Actually, it's not quite the last music we hear: just when you're thinking that the rest might indeed be silence, a fade to black, Payne introduces - as Elgar himself so loved to do - a fleeting recollection, a pale, faded remnant of the symphony's opening motif - a chivalrous motif itself drawing upon the past to reinforce the future. So past and future are briefly reconciled. But the circle doesn't quite close. A hollow tam-tam stroke echoes and re-echoes from somewhere deep in Elgar's subconscious. It is finished, but it doesn't end. One question is answered with another. And so ends Payne's masterly "elaboration". "No one would understand... no one... no one", said Elgar from his death-bed, instructing his friend and confidant W H Reed to burn the "bits and pieces" (130 pages of sketches) which constituted the unfinished symphony. But somebody did understand.

And the depth of Payne's understanding can be gauged from those closing pages. In alluding so poignantly to that terrible unrepeatable thing called childhood (the advancing-retreating march idea comes from the extraordinary movement "The Wagon Passes" from Elgar's Nursery Suite) he has tapped into something very dark and distant in the composer's psyche. The whole symphony sounds and feels like a throwback to it. This is no assemblage, this is a composition. And at the risk of suggesting that Payne had what one might call "a Rosemary Brown experience", there is no question that his total immersion in these sketches and all that preceded them has enabled him to think and feel like Elgar. Yes, even to second-guess him. And even where the seams of "completion" show most (in the first movement, where I'm still not entirely convinced by the development) there is a sense in which this entirely "new" Elgar - sparer, darker, more elliptical - is a departure from all that has gone before.

Hearing Payne's elaboration "in context", as it were, so soon after performances of the other two symphonies (the Second just two days before in a glorious account from Leonard Slatkin and the Philharmonia), served only to intensify that feeling. We are about as far removed from the ethos of the First Symphony (or indeed the Second - as witness the opulent Edwardian splendour, the communal tragedy of its marche funebre) as Mahler's Tenth is from Mahler's First. The Mahler parallel came upon me most forceably watching Tadaaki Otaka conduct the Elgar First a couple of weeks back. The "formality" of his manner concealed a passionate inner-life. Rather like Elgar himself. Outwardly, the fine, upstanding English gentleman; inwardly, an emotional volcano. If he'd been born Austrian, he'd have been called Mahler.

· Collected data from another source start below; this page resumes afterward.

(* Let $\mathcal{D}_{\text{SEQ}}$ be a temporal sequence database and let $(E_i,E_j)$ be the pair of events occurring in a 2-event temporal pattern $P$. Then $\textit{conf}(P) \le \textit{conf}(E_i,E_j)$.
   Context: A temporal event is $E=(\omega,T)$ with $\omega$ a symbol and $T$ a set of time intervals; an instance is $e=(\omega,[t_s,t_e])$ with $[t_s,t_e]\in T$. A temporal sequence is a list of event instances ordered by start time; $\mathcal{D}_{\text{SEQ}}$ is a finite collection of temporal sequences. A temporal pattern is a list of triples $(r_{ij},E_i,E_j)$ with $r_{ij}\in\{\text{Follows},\text{Contains},\text{Overlaps}\}$ (fixed binary conditions on instance intervals). A sequence $S$ supports $P$ iff $|S|\ge2$ and for every triple $(r_{ij},E_i,E_j)\in P$ there are instances of $E_i,E_j$ in $S$ between which $r_{ij}$ holds. $\textit{supp}(E)$ (resp. $\textit{supp}(E_i,E_j)$) is the number of sequences containing at least one instance of $E$ (resp. of both $E_i$ and $E_j$); $\textit{supp}(P)$ is the number of sequences supporting $P$. Confidences: $\textit{conf}(E_i,E_j)=\textit{supp}(E_i,E_j)/\max\{\textit{supp}(E_i),\textit{supp}(E_j)\}$ and $\textit{conf}(P)=\textit{supp}(P)/\max_{E_k\in P}\textit{supp}(E_k)$. *)

From HB Require Import structures.
From mathcomp Require Import all_boot all_order all_algebra.
Set Implicit Arguments. Unset Strict Implicit. Unset Printing Implicit Defensive.
Import Order.TTheory GRing.Theory Num.Theory.

(* Temporal events are identified by their symbol omega; the interval set T of
   an event is the set of intervals at which the symbol occurs.  Time stamps are
   rationals. *)

Notation instance Sym := (Sym * rat * rat)%type.
Definition label (Sym : eqType) (e : instance Sym) : Sym := e.1.1.
Definition ts (Sym : eqType) (e : instance Sym) : rat := e.1.2.
Definition te (Sym : eqType) (e : instance Sym) : rat := e.2.

Notation tseq Sym := (seq (instance Sym)).

Definition wf_tseq (Sym : eqType) (S : tseq Sym) : Prop :=
  (forall e, e \in S -> (ts e <= te e)%R) /\
  sorted (fun a b : instance Sym => (ts a <= ts b)%R) S.

Inductive trel := Follows | Contains | Overlaps.

Definition holds (Sym : eqType) (r : trel) (a b : instance Sym) : bool :=
  match r with
  | Follows => (te a <= ts b)%R
  | Contains => (ts a <= ts b)%R && (te b <= te a)%R
  | Overlaps => [&& (ts a < ts b)%R, (ts b < te a)%R & (te a < te b)%R]
  end.

Definition occurs (Sym : eqType) (E : Sym) (S : tseq Sym) : bool :=
  has (fun e => label e == E) S.

Definition supp1 (Sym : eqType) (D : seq (tseq Sym)) (E : Sym) : nat :=
  count (occurs E) D.

Definition supp2 (Sym : eqType) (D : seq (tseq Sym)) (Ei Ej : Sym) : nat :=
  count (fun S => occurs Ei S && occurs Ej S) D.

Notation pattern Sym := (seq (trel * Sym * Sym)).

Definition supports (Sym : eqType) (S : tseq Sym) (P : pattern Sym) : bool :=
  (2 <= size S) &&
  all (fun t : trel * Sym * Sym =>
         let: (r, Ei, Ej) := t in
         has (fun a => (label a == Ei) &&
               has (fun b => (label b == Ej) && holds r a b) S) S) P.

Definition suppP (Sym : eqType) (D : seq (tseq Sym)) (P : pattern Sym) : nat :=
  count (fun S => supports S P) D.

Definition pevents (Sym : eqType) (P : pattern Sym) : seq Sym :=
  undup (flatten [seq [:: t.1.2; t.2] | t <- P]).

Definition conf2 (Sym : eqType) (D : seq (tseq Sym)) (Ei Ej : Sym) : rat :=
  ((supp2 D Ei Ej)%:R / (maxn (supp1 D Ei) (supp1 D Ej))%:R)%R.

Definition confP (Sym : eqType) (D : seq (tseq Sym)) (P : pattern Sym) : rat :=
  ((suppP D P)%:R / (\max_(E <- pevents P) supp1 D E)%:R)%R.

From mathcomp Require Import all_boot all_order all_algebra.
Import Order.TTheory GRing.Theory Num.Theory.

(* A sequence supporting a pattern contains instances of both events of each of
   its triples, so supp(P) <= supp(Ei, Ej); and the events of a one-triple
   pattern are exactly Ei and Ej, so both confidences share the denominator. *)

Section Support.

Variable Sym : eqType.

Lemma supports_cons_occurs (S : tseq Sym) (P : pattern Sym) (r : trel) (Ei Ej : Sym) :
  supports S ((r, Ei, Ej) :: P) -> occurs Ei S && occurs Ej S.
Proof.
case/andP=> _ /= /andP [/hasP [a aS /andP [/eqP la]]] /hasP [b bS].
case/andP=> /eqP lb _ _.
by apply/andP; split; apply/hasP; [exists a | exists b] => //; apply/eqP.
Qed.

Lemma suppP_cons_le_supp2 (D : seq (tseq Sym)) (P : pattern Sym) (r : trel) (Ei Ej : Sym) :
  suppP D ((r, Ei, Ej) :: P) <= supp2 D Ei Ej.
Proof. by apply: sub_count => S; apply: supports_cons_occurs. Qed.

Lemma big_max_pevents1 (f : Sym -> nat) (r : trel) (Ei Ej : Sym) :
  \max_(E <- pevents [:: (r, Ei, Ej)]) f E = maxn (f Ei) (f Ej).
Proof.
rewrite /pevents /= in_cons in_nil orbF.
have [<- | _] := eqVneq Ei Ej; first by rewrite big_seq1 maxnn.
by rewrite big_cons big_seq1.
Qed.

End Support.

Theorem lemma3 (Sym : eqType) (D : seq (tseq Sym))
  (wfD : forall S, S \in D -> wf_tseq S)
  (r : trel) (Ei Ej : Sym) :
  (confP D [:: (r, Ei, Ej)] <= conf2 D Ei Ej)%R.
Proof.
rewrite /confP /conf2 big_max_pevents1.
apply: ler_wpM2r; first by rewrite invr_ge0 ler0n.
by rewrite ler_nat suppP_cons_le_supp2.
Qed.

And Mahler stalks the Adagio solenne of the Third. Not so much in manner (though the reach of the very first interval suggests Mahler about to embark upon one of his celebrated adagios) as emotional instability. Elgar wrote that the opening bars of this movement would "open some vast bronze doors into something strangely unfamiliar". It's true, we've never passed this way before; we may never pass this way again. But thanks to Payne's intuition and daring - a daring that honours Elgar's unpredictability - we are close companions on the journey. So close that the public and private Elgar are almost indistinguishable now.

In one of the finale's most dramatic ideas, a full-throated, eminently hummable (and staunchly English) tune is memorably transformed into something darker and more personal than you could ever have imagined possible. If there is any Payne in this moment, I don't hear it. Watching and listening as Andrew Davis and the BBC Symphony threw themselves so wholeheartedly into this Prom premiere over six decades after the BBC first commissioned the symphony, one could not escape the feeling that somehow or other it had been with us all along.